In the previous lab, we defined a simple linear model with only one parameter. Now let's make a more complicated model that utilizes other features in our dataset. Let our prediction for tip be a combination of the following features:

$$
\text{Tip} = \theta_1 \cdot \text{total_bill} + \theta_2 \cdot \text{sex} + \theta_3 \cdot \text{smoker} + \theta_4 \cdot \text{day} + \theta_5 \cdot \text{time} + \theta_6 \cdot \text{size}
$$

Notice that some of these features are not numbers! But our linear model will need to predict a numerical value. Let's start by converting some of these non-numerical values into numerical values. Below we split the tips and the features.

In [3]:
tips = data['tip']
X = data.drop(columns='tip')

## Question 1a: Feature Engineering

First, let's convert our features to numerical values. A straightforward approach is to map some of these non-numerical features into numerical ones. 

For example, we can treat the day as a value from 1-7. However, one of the disadvantages in directly translating to a numeric value is that we unintentionally assign certain features disproportionate weight.

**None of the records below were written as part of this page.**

(* Let $\mathbf{H}$ be a Heyting algebra with canonical frame $(X,\perp,Y,T)$. Then the lattice $\mathcal G(X)$ of stable sets of filters is a complete Heyting algebra and a canonical extension of $\mathbf H$, with $\mathbf H$ identified (via $a\mapsto X_a=\{x\in X:a\in x\}$) with the subalgebra $\mathrm{KO}\mathcal G(X)$ of compact-open stable sets. Its implication, the residual of intersection, is given by $A\Rightarrow C=\{u\in X:\forall z\in X\,(z\in A\text{ and }u\le z\text{ imply }z\in C)\}$, and this coincides with $A\Rightarrow_T C=\{u\in X:\forall x\in X\,\forall y\in Y\,(x\in A\text{ and }C\perp y\text{ imply }uT'xy)\}$.
   Context: The canonical frame of $\mathbf H$: $X$ is the set of filters of $\mathbf H$, $Y$ the set of ideals, $x\perp y$ iff $x\cap y\neq\emptyset$; for $x\in X,v\in Y$, $x\leadsto v$ is the ideal generated by $\{a\to b:a\in x,b\in v\}$, and $yTxv$ iff $x\leadsto v\subseteq y$. For $U\subseteq X$, $U'=\{y:\forall x\in U\ x\perp y\}$; for $V\subseteq Y$, ${}'V=\{x:\forall y\in V\ x\perp y\}$; $A\subseteq X$ is stable if $A={}'(A')$; $\mathcal G(X)$ is the complete lattice of stable sets (meet is intersection, join is closure of union). $u\le z$ on $X$ iff $\{u\}'\subseteq\{z\}'$ (i.e. $u\subseteq z$ as filters). $C\perp y$ means $c\perp y$ for all $c\in C$. $uT'xy$ iff $\forall v\in Y(vTxy\Rightarrow u\perp v)$. $X$ carries the topology generated by the basis $\{X_a:a\in H\}$; $\mathrm{KO}\mathcal G(X)$ is the set of stable sets compact and open in this topology. Canonical extension is in the sense of Gehrke–Harding. *)

From Stdlib Require Import List.
From mathcomp Require Import all_boot all_order.
Set Implicit Arguments. Unset Strict Implicit. Unset Printing Implicit Defensive.
Import Order.LTheory.
Local Open Scope order_scope.

Definition heyting_imp {d : Order.disp_t} {H : tbLatticeType d}
  (imp : H -> H -> H) : Prop :=
  forall a b c : H, (c <= imp a b) = (c `&` a <= b).

Section Frame.
Context {d : Order.disp_t} {H : tbLatticeType d} (imp : H -> H -> H).

(* filters (improper filter H included) and ideals (improper ideal included) *)
Definition is_filter (F : H -> Prop) : Prop :=
  (exists a, F a) /\ (forall a b, F a -> a <= b -> F b) /\
  (forall a b, F a -> F b -> F (a `&` b)).
Definition is_ideal (I : H -> Prop) : Prop :=
  (exists a, I a) /\ (forall a b, I b -> a <= b -> I a) /\
  (forall a b, I a -> I b -> I (a `|` b)).

Record filt := Filt { fcar :> H -> Prop; fprop : is_filter fcar }.
Record idl := Idl { icar :> H -> Prop; iprop : is_ideal icar }.

(* X = filt, Y = idl *)
Definition perp (x : filt) (y : idl) : Prop := exists a, x a /\ y a.

Definition primeX (U : filt -> Prop) : idl -> Prop :=
  fun y => forall x, U x -> perp x y.
Definition primeY (V : idl -> Prop) : filt -> Prop :=
  fun x => forall y, V y -> perp x y.
Definition gclos (A : filt -> Prop) : filt -> Prop := primeY (primeX A).

Definition seteq {T} (A B : T -> Prop) : Prop := forall t, A t <-> B t.
Definition subs {T} (A B : T -> Prop) : Prop := forall t, A t -> B t.

Definition stable (A : filt -> Prop) : Prop := seteq A (gclos A).

Definition bigjoinG (Fam : (filt -> Prop) -> Prop) : filt -> Prop :=
  gclos (fun x => exists A, Fam A /\ A x).
Definition bigmeetG (Fam : (filt -> Prop) -> Prop) : filt -> Prop :=
  fun x => forall A, Fam A -> A x.
Definition joinG (A B : filt -> Prop) : filt -> Prop :=
  gclos (fun x => A x \/ B x).

Definition Xa (a : H) : filt -> Prop := fun x => x a.

Definition leX (u z : filt) : Prop := forall y, perp u y -> perp z y.

Definition ideal_gen (S : H -> Prop) : H -> Prop :=
  fun c => forall I, is_ideal I -> subs S I -> I c.

Definition leadsto (x : filt) (v : idl) : H -> Prop :=
  ideal_gen (fun c => exists a b, x a /\ v b /\ c = imp a b).

Definition Trel (y : idl) (x : filt) (v : idl) : Prop := subs (leadsto x v) y.

Definition Tprime (u : filt) (x : filt) (y : idl) : Prop :=
  forall v, Trel v x y -> perp u v.

Definition ImpG (A C : filt -> Prop) : filt -> Prop :=
  fun u => forall z, A z -> leX u z -> C z.

Definition ImpT (A C : filt -> Prop) : filt -> Prop :=
  fun u => forall x y, A x -> (forall c, C c -> perp c y) -> Tprime u x y.

Definition openX (U : filt -> Prop) : Prop :=
  forall x, U x -> exists a, x a /\ subs (Xa a) U.
Definition compactX (A : filt -> Prop) : Prop :=
  forall (I : Type) (U : I -> filt -> Prop), (forall i, openX (U i)) ->
    (forall x, A x -> exists i, U i x) ->
    exists s : seq I, forall x, A x -> exists2 i, List.In i s & U i x.
Definition KO (A : filt -> Prop) : Prop := stable A /\ compactX A /\ openX A.

(* Gehrke--Harding canonical extension conditions for e = Xa into G(X) *)
Definition dense_ext : Prop :=
  forall A, stable A ->
    (exists Fam : (H -> Prop) -> Prop,
       seteq A (bigjoinG (fun B => exists S, Fam S /\
                                  seteq B (bigmeetG (fun D => exists a, S a /\ D = Xa a)))))
    /\
    (exists Fam : (H -> Prop) -> Prop,
       seteq A (bigmeetG (fun B => exists S, Fam S /\
                                  seteq B (bigjoinG (fun D => exists a, S a /\ D = Xa a))))).

Definition compact_ext : Prop :=
  forall S T : H -> Prop,
    subs (bigmeetG (fun D => exists a, S a /\ D = Xa a))
         (bigjoinG (fun D => exists a, T a /\ D = Xa a)) ->
    exists (s t : seq H), (forall a, List.In a s -> S a) /\
                          (forall a, List.In a t -> T a) /\
                          \meet_(a <- s) a <= \join_(b <- t) b.

End Frame.

From mathcomp Require Import all_boot all_order.
Set Implicit Arguments. Unset Strict Implicit. Unset Printing Implicit Defensive.
Import Order.LTheory.
Local Open Scope order_scope.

Consider assigning Sunday to the numeric value of 7, and Monday to the numeric value of 1. In our linear model, Sunday will have 7 times the influence of Monday, which can lower the accuracy of our model.

Instead, let's use one-hot encoding to better represent these features! 

As discussed in lecture, one-hot encoding will produce a binary vector indicating the non-numeric feature. Sunday would be encoded as a [0 0 0 0 0 0 1]. This assigns a more even weight across each category in non-numeric features. Complete the code below to one-hot encode our dataset, allowing us to see the transformed dataset named `one_hot_X`. This dataframe holds our "featurized" data, which is also often denoted by $\phi$.

```
BEGIN QUESTION
name: q1a
```

In [4]:
def one_hot_encode(data):
    """
    Return the one-hot encoded dataframe of our input data.
    
    Parameters
    -----------
    data: a dataframe that may include non-numerical features
    
    Returns
    -----------
    A one-hot encoded dataframe that only contains numeric features
    
    Hint: Check out the pd.get_dummies function
    """
    # YOUR CODE HERE
    return pd.get_dummies(data)
    raise NotImplementedError()

In [5]:
one_hot_X = one_hot_encode(X)
one_hot_X.head()

Unnamed: 0,total_bill,size,sex_Male,sex_Female,smoker_Yes,smoker_No,day_Thur,day_Fri,day_Sat,day_Sun,time_Lunch,time_Dinner
0,16.99,2,0,1,0,1,0,0,0,1,0,1
1,10.34,3,1,0,0,1,0,0,0,1,0,1
2,21.01,3,1,0,0,1,0,0,0,1,0,1
3,23.68,2,1,0,0,1,0,0,0,1,0,1
4,24.59,4,0,1,0,1,0,0,0,1,0,1


In [6]:
# TEST
assert one_hot_X.shape == (244, 12)

## Question 1b: Defining the Model

Now that all of our data is numeric, we can begin to define our model function. Notice that after one-hot encoding our data, we now have 12 features instead of 6. Therefore, our linear model now looks like:

$$
\text{Tip} = \theta_1 \cdot \text{size} + \theta_2 \cdot \text{total_bill} + \theta_3 \cdot \text{day_Thur} + \theta_4 \cdot \text{day_Fri} + ... + \theta_{11} \cdot \text{time_Lunch} + \theta_{12} \cdot \text{time_Dinner}
$$

We can represent the linear combination above as a matrix-vector product. Implement the `linear_model` function to evaluate this product.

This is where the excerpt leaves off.